_INSTRUCTIONS FOR THE TASK_:
Of all the lines in these entries, count those that contain "elim" and give only the total.

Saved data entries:
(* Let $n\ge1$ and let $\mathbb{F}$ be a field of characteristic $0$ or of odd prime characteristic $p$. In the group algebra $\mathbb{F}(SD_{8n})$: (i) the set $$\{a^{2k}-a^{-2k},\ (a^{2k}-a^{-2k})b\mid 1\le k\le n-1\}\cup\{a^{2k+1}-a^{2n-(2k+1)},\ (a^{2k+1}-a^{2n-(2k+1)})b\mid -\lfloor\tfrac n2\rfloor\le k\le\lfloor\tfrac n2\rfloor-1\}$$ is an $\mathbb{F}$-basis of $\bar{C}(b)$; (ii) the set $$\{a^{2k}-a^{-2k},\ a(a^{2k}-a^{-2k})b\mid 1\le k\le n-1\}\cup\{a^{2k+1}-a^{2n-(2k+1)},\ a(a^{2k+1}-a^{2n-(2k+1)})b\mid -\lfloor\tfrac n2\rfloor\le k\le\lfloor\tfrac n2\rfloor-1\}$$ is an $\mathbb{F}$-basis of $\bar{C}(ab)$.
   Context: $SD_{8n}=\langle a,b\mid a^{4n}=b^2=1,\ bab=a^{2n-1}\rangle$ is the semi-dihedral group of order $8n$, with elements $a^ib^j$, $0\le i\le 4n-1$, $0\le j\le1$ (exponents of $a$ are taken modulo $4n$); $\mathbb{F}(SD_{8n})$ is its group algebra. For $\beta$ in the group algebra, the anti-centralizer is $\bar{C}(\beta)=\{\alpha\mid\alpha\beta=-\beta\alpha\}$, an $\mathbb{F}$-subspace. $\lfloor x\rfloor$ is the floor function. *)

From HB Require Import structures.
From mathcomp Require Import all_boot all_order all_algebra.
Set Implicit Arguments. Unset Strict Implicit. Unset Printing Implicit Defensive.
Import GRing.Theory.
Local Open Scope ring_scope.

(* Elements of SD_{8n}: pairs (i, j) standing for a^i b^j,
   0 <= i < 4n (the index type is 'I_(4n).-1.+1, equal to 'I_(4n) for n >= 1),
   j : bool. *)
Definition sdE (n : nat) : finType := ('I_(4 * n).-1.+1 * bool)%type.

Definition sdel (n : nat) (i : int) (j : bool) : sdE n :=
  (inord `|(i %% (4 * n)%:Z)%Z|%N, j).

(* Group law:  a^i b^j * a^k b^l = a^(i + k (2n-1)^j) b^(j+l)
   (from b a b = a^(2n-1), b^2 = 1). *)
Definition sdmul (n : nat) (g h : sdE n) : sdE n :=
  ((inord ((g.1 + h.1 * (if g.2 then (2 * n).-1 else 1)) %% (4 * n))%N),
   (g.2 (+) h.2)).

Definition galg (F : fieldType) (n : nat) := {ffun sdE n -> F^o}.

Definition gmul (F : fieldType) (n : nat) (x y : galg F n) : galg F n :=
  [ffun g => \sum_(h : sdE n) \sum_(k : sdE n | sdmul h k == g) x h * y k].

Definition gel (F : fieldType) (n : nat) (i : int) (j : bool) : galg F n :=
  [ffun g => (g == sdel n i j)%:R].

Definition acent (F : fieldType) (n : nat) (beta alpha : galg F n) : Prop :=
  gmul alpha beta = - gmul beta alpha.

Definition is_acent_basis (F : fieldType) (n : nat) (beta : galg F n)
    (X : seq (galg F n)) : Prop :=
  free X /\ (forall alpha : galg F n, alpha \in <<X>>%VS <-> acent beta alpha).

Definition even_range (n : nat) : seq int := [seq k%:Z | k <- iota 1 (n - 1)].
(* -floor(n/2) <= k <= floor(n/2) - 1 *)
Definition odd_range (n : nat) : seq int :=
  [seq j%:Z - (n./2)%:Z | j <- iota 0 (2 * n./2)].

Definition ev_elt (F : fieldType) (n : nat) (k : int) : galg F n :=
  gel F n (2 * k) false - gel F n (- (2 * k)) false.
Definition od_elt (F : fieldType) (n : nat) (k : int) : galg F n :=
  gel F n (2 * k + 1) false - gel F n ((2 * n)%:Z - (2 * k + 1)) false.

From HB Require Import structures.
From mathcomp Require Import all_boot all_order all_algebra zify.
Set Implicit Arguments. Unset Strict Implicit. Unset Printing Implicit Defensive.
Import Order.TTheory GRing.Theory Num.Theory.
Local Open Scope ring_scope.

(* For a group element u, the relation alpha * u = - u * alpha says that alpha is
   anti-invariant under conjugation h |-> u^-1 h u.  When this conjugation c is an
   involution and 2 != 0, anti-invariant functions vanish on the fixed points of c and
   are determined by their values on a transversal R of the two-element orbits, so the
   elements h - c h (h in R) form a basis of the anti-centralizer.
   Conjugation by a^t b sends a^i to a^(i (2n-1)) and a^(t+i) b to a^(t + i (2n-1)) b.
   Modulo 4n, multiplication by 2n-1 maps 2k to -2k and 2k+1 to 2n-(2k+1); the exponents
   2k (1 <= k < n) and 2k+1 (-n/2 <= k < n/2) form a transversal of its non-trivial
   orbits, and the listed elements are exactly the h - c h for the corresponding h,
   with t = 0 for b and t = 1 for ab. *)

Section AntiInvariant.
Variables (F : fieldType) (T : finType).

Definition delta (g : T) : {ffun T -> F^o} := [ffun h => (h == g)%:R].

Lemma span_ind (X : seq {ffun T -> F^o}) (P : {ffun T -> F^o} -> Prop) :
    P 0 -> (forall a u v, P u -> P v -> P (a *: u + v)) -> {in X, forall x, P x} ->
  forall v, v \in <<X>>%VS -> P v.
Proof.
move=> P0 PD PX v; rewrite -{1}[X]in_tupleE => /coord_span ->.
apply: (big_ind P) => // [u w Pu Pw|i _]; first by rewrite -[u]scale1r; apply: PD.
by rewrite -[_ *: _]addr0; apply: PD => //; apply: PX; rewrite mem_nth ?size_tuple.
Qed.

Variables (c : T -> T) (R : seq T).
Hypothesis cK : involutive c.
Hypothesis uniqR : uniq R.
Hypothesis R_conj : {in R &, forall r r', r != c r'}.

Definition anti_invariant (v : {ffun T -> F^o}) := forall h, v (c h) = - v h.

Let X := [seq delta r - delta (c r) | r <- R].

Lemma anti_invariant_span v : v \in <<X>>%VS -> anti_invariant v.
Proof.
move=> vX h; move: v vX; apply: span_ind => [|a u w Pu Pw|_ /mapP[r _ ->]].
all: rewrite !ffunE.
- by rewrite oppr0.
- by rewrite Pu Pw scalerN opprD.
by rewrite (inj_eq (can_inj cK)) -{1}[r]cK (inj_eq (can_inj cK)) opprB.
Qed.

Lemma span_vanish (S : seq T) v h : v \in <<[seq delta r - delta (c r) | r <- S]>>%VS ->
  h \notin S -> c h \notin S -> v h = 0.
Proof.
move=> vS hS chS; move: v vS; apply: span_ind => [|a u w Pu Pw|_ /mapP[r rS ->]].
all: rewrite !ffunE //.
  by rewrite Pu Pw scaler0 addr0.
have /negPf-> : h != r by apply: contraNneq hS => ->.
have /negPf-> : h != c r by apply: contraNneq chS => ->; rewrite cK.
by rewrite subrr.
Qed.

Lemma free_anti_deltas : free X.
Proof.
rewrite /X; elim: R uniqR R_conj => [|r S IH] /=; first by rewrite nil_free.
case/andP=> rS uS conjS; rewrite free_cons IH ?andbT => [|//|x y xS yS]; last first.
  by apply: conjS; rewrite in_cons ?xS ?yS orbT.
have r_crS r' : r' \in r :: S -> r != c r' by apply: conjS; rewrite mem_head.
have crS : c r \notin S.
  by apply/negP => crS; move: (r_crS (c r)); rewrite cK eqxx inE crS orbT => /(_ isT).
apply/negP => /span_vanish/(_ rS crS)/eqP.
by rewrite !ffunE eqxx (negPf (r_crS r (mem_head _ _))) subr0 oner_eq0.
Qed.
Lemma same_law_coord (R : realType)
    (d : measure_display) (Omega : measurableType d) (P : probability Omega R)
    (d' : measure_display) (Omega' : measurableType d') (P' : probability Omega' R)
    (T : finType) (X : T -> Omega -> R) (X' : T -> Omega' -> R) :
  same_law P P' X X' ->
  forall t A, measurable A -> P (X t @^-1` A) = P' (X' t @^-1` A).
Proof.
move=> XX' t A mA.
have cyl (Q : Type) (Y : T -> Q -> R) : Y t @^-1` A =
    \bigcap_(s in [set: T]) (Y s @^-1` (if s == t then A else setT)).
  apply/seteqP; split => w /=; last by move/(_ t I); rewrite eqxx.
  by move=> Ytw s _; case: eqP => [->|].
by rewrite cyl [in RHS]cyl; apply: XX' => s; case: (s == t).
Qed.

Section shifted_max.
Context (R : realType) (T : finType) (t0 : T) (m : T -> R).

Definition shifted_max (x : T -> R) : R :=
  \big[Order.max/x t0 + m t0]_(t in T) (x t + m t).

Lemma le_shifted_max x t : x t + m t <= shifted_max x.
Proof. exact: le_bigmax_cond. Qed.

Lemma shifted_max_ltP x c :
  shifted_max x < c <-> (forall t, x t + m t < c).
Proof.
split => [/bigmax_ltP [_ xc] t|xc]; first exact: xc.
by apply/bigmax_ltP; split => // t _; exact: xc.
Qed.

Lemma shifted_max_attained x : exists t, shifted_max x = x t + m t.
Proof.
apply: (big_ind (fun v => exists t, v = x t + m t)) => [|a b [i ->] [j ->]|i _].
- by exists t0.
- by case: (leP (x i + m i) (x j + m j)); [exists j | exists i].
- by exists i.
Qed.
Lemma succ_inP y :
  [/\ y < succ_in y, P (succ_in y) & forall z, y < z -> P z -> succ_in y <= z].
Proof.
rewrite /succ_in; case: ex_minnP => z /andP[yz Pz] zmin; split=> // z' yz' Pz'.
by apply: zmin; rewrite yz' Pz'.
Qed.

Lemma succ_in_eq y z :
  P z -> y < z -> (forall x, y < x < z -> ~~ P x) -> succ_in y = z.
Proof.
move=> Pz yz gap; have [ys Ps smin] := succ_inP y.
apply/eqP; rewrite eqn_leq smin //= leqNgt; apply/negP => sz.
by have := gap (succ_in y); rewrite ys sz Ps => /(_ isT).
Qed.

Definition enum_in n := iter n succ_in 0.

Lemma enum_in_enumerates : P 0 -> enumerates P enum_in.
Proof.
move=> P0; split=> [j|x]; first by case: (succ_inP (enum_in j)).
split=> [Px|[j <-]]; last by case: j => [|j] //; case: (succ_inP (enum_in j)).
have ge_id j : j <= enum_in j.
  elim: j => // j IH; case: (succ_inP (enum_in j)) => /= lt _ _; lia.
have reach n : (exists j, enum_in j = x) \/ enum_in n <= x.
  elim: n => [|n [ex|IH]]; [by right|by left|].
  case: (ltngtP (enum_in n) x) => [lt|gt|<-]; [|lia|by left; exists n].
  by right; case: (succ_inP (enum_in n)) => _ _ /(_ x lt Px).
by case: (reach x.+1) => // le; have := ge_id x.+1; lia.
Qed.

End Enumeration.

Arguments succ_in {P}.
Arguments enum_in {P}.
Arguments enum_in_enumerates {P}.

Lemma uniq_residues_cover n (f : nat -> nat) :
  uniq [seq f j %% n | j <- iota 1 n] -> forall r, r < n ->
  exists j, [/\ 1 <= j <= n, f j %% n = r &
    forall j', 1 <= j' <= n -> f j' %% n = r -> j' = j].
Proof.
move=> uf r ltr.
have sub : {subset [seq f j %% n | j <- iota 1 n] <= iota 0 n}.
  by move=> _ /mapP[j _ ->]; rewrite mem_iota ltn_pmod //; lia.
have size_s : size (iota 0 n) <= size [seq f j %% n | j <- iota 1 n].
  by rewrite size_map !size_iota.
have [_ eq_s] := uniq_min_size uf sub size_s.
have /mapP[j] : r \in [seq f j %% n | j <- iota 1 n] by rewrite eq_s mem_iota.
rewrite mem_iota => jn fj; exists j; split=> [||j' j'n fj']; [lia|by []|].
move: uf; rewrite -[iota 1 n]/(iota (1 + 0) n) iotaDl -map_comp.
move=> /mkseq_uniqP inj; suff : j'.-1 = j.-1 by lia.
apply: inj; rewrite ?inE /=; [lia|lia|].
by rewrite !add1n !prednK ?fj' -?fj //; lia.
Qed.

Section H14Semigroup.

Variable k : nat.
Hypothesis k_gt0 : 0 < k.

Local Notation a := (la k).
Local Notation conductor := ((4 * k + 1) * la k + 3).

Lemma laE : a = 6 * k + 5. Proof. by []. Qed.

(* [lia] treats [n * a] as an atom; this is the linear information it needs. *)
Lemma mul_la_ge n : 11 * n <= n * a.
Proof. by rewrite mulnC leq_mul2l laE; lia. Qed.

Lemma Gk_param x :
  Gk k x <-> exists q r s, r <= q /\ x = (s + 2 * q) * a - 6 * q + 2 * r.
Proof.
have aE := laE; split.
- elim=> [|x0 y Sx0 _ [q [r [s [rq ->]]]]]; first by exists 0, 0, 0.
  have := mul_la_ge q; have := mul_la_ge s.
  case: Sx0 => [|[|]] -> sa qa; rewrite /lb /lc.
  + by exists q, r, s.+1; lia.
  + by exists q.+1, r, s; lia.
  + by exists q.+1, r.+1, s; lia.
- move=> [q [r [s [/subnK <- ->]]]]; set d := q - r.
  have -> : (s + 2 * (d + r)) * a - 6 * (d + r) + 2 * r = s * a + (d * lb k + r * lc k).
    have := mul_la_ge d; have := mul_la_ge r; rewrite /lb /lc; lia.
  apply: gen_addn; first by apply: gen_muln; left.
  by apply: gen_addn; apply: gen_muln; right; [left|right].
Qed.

_RESPONSE_:
4